WHAT THE RESULTS MEAN

Notice that raw Boehm is the fastest by a factor of 2.5.
This is not a mistake.  Garbage collection is not the
necessary bottleneck that people assume it is.  In these
tests, though, the garbage collector has maximum advantage:

  - all objects are of the same size (struct Node)

  - there are no cycles

Then again, the manual/explicit techniques have the same
advantage.  Heck, you'd think they'd have a greater
advantage because "free_list" for them is just walking
through a list & freeing the nodes as it goes.  So I take it
back: The garbage collector does not have an advantage in
this test.

I'm sure my naive RecyclingAllocator was able to take
advantage of the "all blocks are the same size" feature of
the test.

Notice that malloc/free is faster than new/delete.  This
coincides with some observations I've made with my unit test
programs and my MallocAllocator (malloc/free) and
NewAllocator (new/delete).

It looks to me like the Boehm collector might be the best
bet in the general cast.  If you want to have the freedom to
experiment with different garbage collection algorithms,
maybe even creating a garbage collector that is optimal for
your application's domain, or you want to mix & match
garbage collection with explicit memory management, use
Giggle's ReferenceCounter.

Giggle's ReferenceCounter has greater than 1/8th the speed
of explicit malloc/free, & the raw Boehm collector has 2.5
times the speed of malloc/free.

ONE MORE NOTE ABOUT THE TESTS

When the speed-test program worked only for Giggle's garbage
collectors, it had one more feature.

In the current speed test, there are two outcomes when the
die is rolled:

   - die == 1 : chop-off a current list & start a new one

   - die != 1 : extend a current list

There was originally a third option:

   - die == 2 : chop the current list, then let v[i] =
     v[rand () % length], extend the new v[i]

The third option caused an existing list to be chopped & to
be replaced by another existing list, then extended.  So the
result was that the array 'v' held growing trees (upside
down, with their leaves "rooted" in 'v').

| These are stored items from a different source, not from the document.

Lemma notin_iter_meet_negpc m K x :
  prime K ->
  (~ K (iter_negpc L m (meet_negpc x)) <->
   forall Y, prime Y -> zreach m K Y \/ zreach (S m) K Y -> ~ Y x).
Proof.
  intro HK. rewrite notin_iter_negpc by exact HK. unfold meet_negpc. split.
  - intros H Y HY [HR | HR] Yx.
    + exact (H Y HY HR (proj2 (prime_meet Y HY _ _) (or_introl Yx))).
    + apply (zreach_last m K Y HK HY) in HR as [Y0 [HY0 [HR Sub]]].
      assert (Npc : ~ Y0 (pc (neg x))).
      { intro Y0pc. exact (H Y0 HY0 HR (proj2 (prime_meet Y0 HY0 _ _) (or_intror Y0pc))). }
      exact (proj1 (notin_pc_neg Y0 x HY0) Npc Y HY Sub Yx).
  - intros H Y HY HR Ym. apply (prime_meet Y HY) in Ym as [Yx | Ypc].
    + exact (H Y HY (or_introl HR) Yx).
    + revert Ypc. apply (notin_pc_neg Y x HY). intros J HJ Sub.
      apply (H J HJ). right. apply (zreach_last m K J HK HJ). exists Y. auto.
Qed.

Definition ell_close n I J := ell_le L I J n \/ ell_le L I (zeta L J) n.

Definition ell_condition (n : nat) := forall I J, prime I -> prime J -> ell_close n I J.

Lemma ell_condition_zreach n K X :
  ell_condition n -> prime K -> prime X ->
  (zreach (S n) K X /\ zreach (S (S n)) K (zeta L X)) \/
  (zreach (S n) K (zeta L X) /\ zreach (S (S n)) K X).
Proof.
  intros Hn HK HX.
  assert (HY0 : exists Y0, (Y0 = X \/ Y0 = zeta L X) /\ ell_le L K Y0 n).
  { destruct (Hn K X HK HX) as [H | H]; eauto. }
  destruct HY0 as [Y0 [HY0 [k [Hk HW]]]].
  assert (PY0 : prime Y0) by (destruct HY0 as [-> | ->]; [exact HX | exact (zeta_prime X HX)]).
  assert (R1 : zreach (S n) K (zeta_iter (S n) Y0))
    by exact (zreach_of_walk k K Y0 HK PY0 HW (S n) ltac:(lia)).
  assert (R2 : zreach (S (S n)) K (zeta L (zeta_iter (S n) Y0)))
    by exact (zreach_of_walk k K Y0 HK PY0 HW (S (S n)) ltac:(lia)).
  assert (HZ : zeta_iter (S n) Y0 = X \/ zeta_iter (S n) Y0 = zeta L X).
  { destruct HY0 as [-> | ->]; [apply zeta_iter_cases |].
    rewrite zeta_iter_zeta. destruct (zeta_iter_cases (S n) X) as [-> | ->]; [right | left; apply zetaK].
    reflexivity. }
  destruct HZ as [E | E]; rewrite E in R1, R2; [left | right; rewrite zetaK in R2]; auto.
Qed.

Lemma ell_condition_zreach_cover n K X :
  ell_condition n -> prime K -> prime X ->
  exists Z, prime Z /\ X ⊆ Z /\ (zreach n K Z \/ zreach (S n) K Z).
Proof.
  intros Hn HK HX.
  destruct (ell_condition_zreach n K X Hn HK HX) as [[HR _] | [HR _]].
  - exists X. split; [exact HX | split; [apply subset_refl | right; exact HR]].
  - apply (zreach_last n K _ HK (zeta_prime X HX)) in HR as [Z [HZ [HR Sub]]].
    exists Z. split; [exact HZ | split; [rewrite <- (zetaK X); exact (zeta_subset_swap _ _ Sub) | left; exact HR]].
Qed.

Lemma satisfies_Mn_identity_of_ell_condition n : ell_condition n -> satisfies_Mn_identity L n.
Proof.
  intros Hn x. change (meet x (pc (neg x))) with (meet_negpc x).
  apply eq_of_primes_avoid. intros K HK. rewrite !notin_iter_meet_negpc by exact HK. split.
  - intros H Y HY [HR | HR]; [exact (H Y HY (or_intror HR)) |].
    destruct (ell_condition_zreach_cover n K Y Hn HK HY) as [Z [HZ [Sub HZR]]].
    intro Yx. exact (H Z HZ HZR (Sub x Yx)).
  - intros H Y HY [HR | HR]; apply (H Y HY); [right; exact (zreach_add2 n K Y HK HR) | left; exact HR].
Qed.

Lemma ell_condition_notin_iter n K y :
  ell_condition n -> prime K ->
  (~ K (iter_negpc L (S n) (meet_negpc y)) <-> forall Y, prime Y -> ~ Y y).
Proof.
  intros Hn HK. rewrite notin_iter_meet_negpc by exact HK. split.
  - intros H Y HY. apply (H Y HY).
    destruct (ell_condition_zreach n K Y Hn HK HY) as [[HR _] | [_ HR]]; [left | right]; exact HR.
  - intros H Y HY _. exact (H Y HY).
Qed.

Lemma ell_condition_iter_top n :
  ell_condition n -> iter_negpc L (S n) (meet_negpc top) = top.
Proof.
  intro Hn. apply eq_of_primes_avoid. intros K HK. split; intro N.
  - exact (prime_top K HK).
  - apply (ell_condition_notin_iter n K top Hn HK). intros Y HY. exact (prime_top Y HY).
Qed.

Lemma ell_condition_iter_bot n y :
  ell_condition n -> y <> top -> iter_negpc L (S n) (meet_negpc y) = bot.
Proof.
  intros Hn Hy. apply eq_of_primes. intros K HK. split; intro H; [exact (prime_bot K HK) |].
  apply NNPP. intro N. destruct (prime_containing y Hy) as [Y [HY Yy]].
  exact (proj1 (ell_condition_notin_iter n K y Hn HK) N Y HY Yy).
Qed.

Lemma congruence_eq : congruence L (@eq L).
Proof. repeat split; intros; subst; reflexivity. Qed.

Lemma congruence_iter_negpc R k a b :
  congruence L R -> R a b -> R (iter_negpc L k a) (iter_negpc L k b).
Proof.
  intros [_ [_ [_ [_ [_ [Rpc Rneg]]]]]] Hab.
  induction k as [| k IH]; [exact Hab | exact (Rpc _ _ (Rneg _ _ IH))].
Qed.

When I modified the speed-test to work with explicit
alloction (malloc/free, new/delete), I couldn't do this any
more because, when a list was chopped & sent to 'free_list',
how would free_list know which nodes in its singly linked
list were in that list only, & needed deleting, & which were
shared with another list?  It couldn't know at all unless I
gave it more information.  I could have added information to
struct Node & a little processing.  I could have given
'free_list' the list to free & a pointer to the entire
array, but then it would have had to do non-trivial scanning
of the array to find wich elements were shared & should not
be deleted.  That would have been buggy, & it would have
been ... implementing garbage collection for a specific
case.  What's the point?

So I had to remove that part of the speed test to accomodate
manual memory management.

Notice that the older, full version of the speed-test did
not have a complex data structure.  It was a tree: a useful
data structure with no cycles.  It was a pretty simple data
structure, in fact.  Easy for any garbage collector to
handle.  Even reference counting had no trouble with it, but
manual/explicit memory management was not adequate for the
task.

How many other data structures & algorithms are effectively
unmanageable & infeasable because people don't use garbage
collection?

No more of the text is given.